Stored items:
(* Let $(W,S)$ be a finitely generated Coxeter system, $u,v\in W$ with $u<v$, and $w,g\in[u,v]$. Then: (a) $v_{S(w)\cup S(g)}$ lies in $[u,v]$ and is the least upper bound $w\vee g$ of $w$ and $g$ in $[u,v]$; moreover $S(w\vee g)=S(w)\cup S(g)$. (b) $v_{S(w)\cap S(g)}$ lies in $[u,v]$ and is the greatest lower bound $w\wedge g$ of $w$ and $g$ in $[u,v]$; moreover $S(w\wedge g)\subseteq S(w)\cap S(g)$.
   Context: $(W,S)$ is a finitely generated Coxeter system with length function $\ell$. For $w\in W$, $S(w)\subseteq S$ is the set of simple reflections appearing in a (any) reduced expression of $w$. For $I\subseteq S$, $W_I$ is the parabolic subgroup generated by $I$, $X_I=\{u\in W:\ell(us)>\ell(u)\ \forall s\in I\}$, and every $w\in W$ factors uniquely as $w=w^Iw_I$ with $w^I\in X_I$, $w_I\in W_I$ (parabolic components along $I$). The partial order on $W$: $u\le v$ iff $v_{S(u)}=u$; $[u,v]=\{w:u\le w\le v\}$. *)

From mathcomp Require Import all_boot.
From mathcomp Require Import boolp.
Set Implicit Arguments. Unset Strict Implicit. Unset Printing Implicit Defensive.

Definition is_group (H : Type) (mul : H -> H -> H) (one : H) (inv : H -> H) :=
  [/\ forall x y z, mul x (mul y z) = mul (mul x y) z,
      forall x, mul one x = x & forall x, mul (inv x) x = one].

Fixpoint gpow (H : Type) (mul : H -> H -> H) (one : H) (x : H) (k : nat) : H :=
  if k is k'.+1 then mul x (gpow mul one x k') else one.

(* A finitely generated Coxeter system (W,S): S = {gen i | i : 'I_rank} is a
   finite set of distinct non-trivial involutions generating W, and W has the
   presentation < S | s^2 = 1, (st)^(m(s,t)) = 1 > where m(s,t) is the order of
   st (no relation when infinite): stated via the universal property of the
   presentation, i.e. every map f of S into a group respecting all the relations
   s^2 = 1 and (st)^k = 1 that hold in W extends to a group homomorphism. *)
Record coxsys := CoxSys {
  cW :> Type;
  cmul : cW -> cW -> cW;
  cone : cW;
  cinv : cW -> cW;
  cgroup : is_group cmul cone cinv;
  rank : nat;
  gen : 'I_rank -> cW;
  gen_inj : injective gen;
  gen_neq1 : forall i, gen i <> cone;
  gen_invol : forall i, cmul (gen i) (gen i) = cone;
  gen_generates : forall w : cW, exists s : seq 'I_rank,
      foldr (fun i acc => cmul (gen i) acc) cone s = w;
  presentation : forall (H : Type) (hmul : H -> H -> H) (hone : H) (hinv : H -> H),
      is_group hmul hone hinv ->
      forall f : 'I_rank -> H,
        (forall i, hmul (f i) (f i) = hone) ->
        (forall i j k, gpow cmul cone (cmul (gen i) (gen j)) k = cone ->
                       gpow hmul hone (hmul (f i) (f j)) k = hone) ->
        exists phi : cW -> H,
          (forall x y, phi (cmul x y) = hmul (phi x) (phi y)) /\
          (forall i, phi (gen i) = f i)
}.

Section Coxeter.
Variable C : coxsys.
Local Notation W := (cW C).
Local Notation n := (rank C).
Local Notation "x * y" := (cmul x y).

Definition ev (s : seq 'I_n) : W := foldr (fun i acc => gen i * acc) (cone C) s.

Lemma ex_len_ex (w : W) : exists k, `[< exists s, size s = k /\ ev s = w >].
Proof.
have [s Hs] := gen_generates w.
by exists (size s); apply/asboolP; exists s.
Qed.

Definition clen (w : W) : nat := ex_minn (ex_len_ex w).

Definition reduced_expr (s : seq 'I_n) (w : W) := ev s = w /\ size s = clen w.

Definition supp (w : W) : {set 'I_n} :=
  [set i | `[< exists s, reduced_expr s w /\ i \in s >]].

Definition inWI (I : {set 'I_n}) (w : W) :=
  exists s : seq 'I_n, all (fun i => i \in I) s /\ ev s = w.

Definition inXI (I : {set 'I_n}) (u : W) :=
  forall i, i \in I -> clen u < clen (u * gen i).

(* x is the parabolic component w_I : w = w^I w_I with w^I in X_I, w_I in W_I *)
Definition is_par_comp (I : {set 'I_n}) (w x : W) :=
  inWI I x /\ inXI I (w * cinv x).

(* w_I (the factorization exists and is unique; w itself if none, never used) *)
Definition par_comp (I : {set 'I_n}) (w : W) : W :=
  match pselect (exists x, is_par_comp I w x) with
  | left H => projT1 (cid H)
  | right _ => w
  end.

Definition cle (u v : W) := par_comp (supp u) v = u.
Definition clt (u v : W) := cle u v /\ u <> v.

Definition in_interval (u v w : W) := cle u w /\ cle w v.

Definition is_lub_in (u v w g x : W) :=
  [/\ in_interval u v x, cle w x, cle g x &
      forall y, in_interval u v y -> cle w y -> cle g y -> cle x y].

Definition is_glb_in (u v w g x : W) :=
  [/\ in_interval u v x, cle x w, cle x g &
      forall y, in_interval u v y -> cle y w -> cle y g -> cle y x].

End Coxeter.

Work task: Every record above needs to be copied exactly.

Your response:
(* Let $(W,S)$ be a finitely generated Coxeter system, $u,v\in W$ with $u<v$, and $w,g\in[u,v]$. Then: (a) $v_{S(w)\cup S(g)}$ lies in $[u,v]$ and is the least upper bound $w\vee g$ of $w$ and $g$ in $[u,v]$; moreover $S(w\vee g)=S(w)\cup S(g)$. (b) $v_{S(w)\cap S(g)}$ lies in $[u,v]$ and is the greatest lower bound $w\wedge g$ of $w$ and $g$ in $[u,v]$; moreover $S(w\wedge g)\subseteq S(w)\cap S(g)$.
   Context: $(W,S)$ is a finitely generated Coxeter system with length function $\ell$. For $w\in W$, $S(w)\subseteq S$ is the set of simple reflections appearing in a (any) reduced expression of $w$. For $I\subseteq S$, $W_I$ is the parabolic subgroup generated by $I$, $X_I=\{u\in W:\ell(us)>\ell(u)\ \forall s\in I\}$, and every $w\in W$ factors uniquely as $w=w^Iw_I$ with $w^I\in X_I$, $w_I\in W_I$ (parabolic components along $I$). The partial order on $W$: $u\le v$ iff $v_{S(u)}=u$; $[u,v]=\{w:u\le w\le v\}$. *)

From mathcomp Require Import all_boot.
From mathcomp Require Import boolp.
Set Implicit Arguments. Unset Strict Implicit. Unset Printing Implicit Defensive.

Definition is_group (H : Type) (mul : H -> H -> H) (one : H) (inv : H -> H) :=
  [/\ forall x y z, mul x (mul y z) = mul (mul x y) z,
      forall x, mul one x = x & forall x, mul (inv x) x = one].

Fixpoint gpow (H : Type) (mul : H -> H -> H) (one : H) (x : H) (k : nat) : H :=
  if k is k'.+1 then mul x (gpow mul one x k') else one.

(* A finitely generated Coxeter system (W,S): S = {gen i | i : 'I_rank} is a
   finite set of distinct non-trivial involutions generating W, and W has the
   presentation < S | s^2 = 1, (st)^(m(s,t)) = 1 > where m(s,t) is the order of
   st (no relation when infinite): stated via the universal property of the
   presentation, i.e. every map f of S into a group respecting all the relations
   s^2 = 1 and (st)^k = 1 that hold in W extends to a group homomorphism. *)
Record coxsys := CoxSys {
  cW :> Type;
  cmul : cW -> cW -> cW;
  cone : cW;
  cinv : cW -> cW;
  cgroup : is_group cmul cone cinv;
  rank : nat;
  gen : 'I_rank -> cW;
  gen_inj : injective gen;
  gen_neq1 : forall i, gen i <> cone;
  gen_invol : forall i, cmul (gen i) (gen i) = cone;
  gen_generates : forall w : cW, exists s : seq 'I_rank,
      foldr (fun i acc => cmul (gen i) acc) cone s = w;
  presentation : forall (H : Type) (hmul : H -> H -> H) (hone : H) (hinv : H -> H),
      is_group hmul hone hinv ->
      forall f : 'I_rank -> H,
        (forall i, hmul (f i) (f i) = hone) ->
        (forall i j k, gpow cmul cone (cmul (gen i) (gen j)) k = cone ->
                       gpow hmul hone (hmul (f i) (f j)) k = hone) ->
        exists phi : cW -> H,
          (forall x y, phi (cmul x y) = hmul (phi x) (phi y)) /\
          (forall i, phi (gen i) = f i)
}.

Section Coxeter.
Variable C : coxsys.
Local Notation W := (cW C).
Local Notation n := (rank C).
Local Notation "x * y" := (cmul x y).

Definition ev (s : seq 'I_n) : W := foldr (fun i acc => gen i * acc) (cone C) s.

Lemma ex_len_ex (w : W) : exists k, `[< exists s, size s = k /\ ev s = w >].
Proof.
have [s Hs] := gen_generates w.
by exists (size s); apply/asboolP; exists s.
Qed.

Definition clen (w : W) : nat := ex_minn (ex_len_ex w).

Definition reduced_expr (s : seq 'I_n) (w : W) := ev s = w /\ size s = clen w.

Definition supp (w : W) : {set 'I_n} :=
  [set i | `[< exists s, reduced_expr s w /\ i \in s >]].

Definition inWI (I : {set 'I_n}) (w : W) :=
  exists s : seq 'I_n, all (fun i => i \in I) s /\ ev s = w.

Definition inXI (I : {set 'I_n}) (u : W) :=
  forall i, i \in I -> clen u < clen (u * gen i).

(* x is the parabolic component w_I : w = w^I w_I with w^I in X_I, w_I in W_I *)
Definition is_par_comp (I : {set 'I_n}) (w x : W) :=
  inWI I x /\ inXI I (w * cinv x).

(* w_I (the factorization exists and is unique; w itself if none, never used) *)
Definition par_comp (I : {set 'I_n}) (w : W) : W :=
  match pselect (exists x, is_par_comp I w x) with
  | left H => projT1 (cid H)
  | right _ => w
  end.

Definition cle (u v : W) := par_comp (supp u) v = u.
Definition clt (u v : W) := cle u v /\ u <> v.

Definition in_interval (u v w : W) := cle u w /\ cle w v.

Definition is_lub_in (u v w g x : W) :=
  [/\ in_interval u v x, cle w x, cle g x &
      forall y, in_interval u v y -> cle w y -> cle g y -> cle x y].

Definition is_glb_in (u v w g x : W) :=
  [/\ in_interval u v x, cle x w, cle x g &
      forall y, in_interval u v y -> cle y w -> cle y g -> cle y x].

End Coxeter.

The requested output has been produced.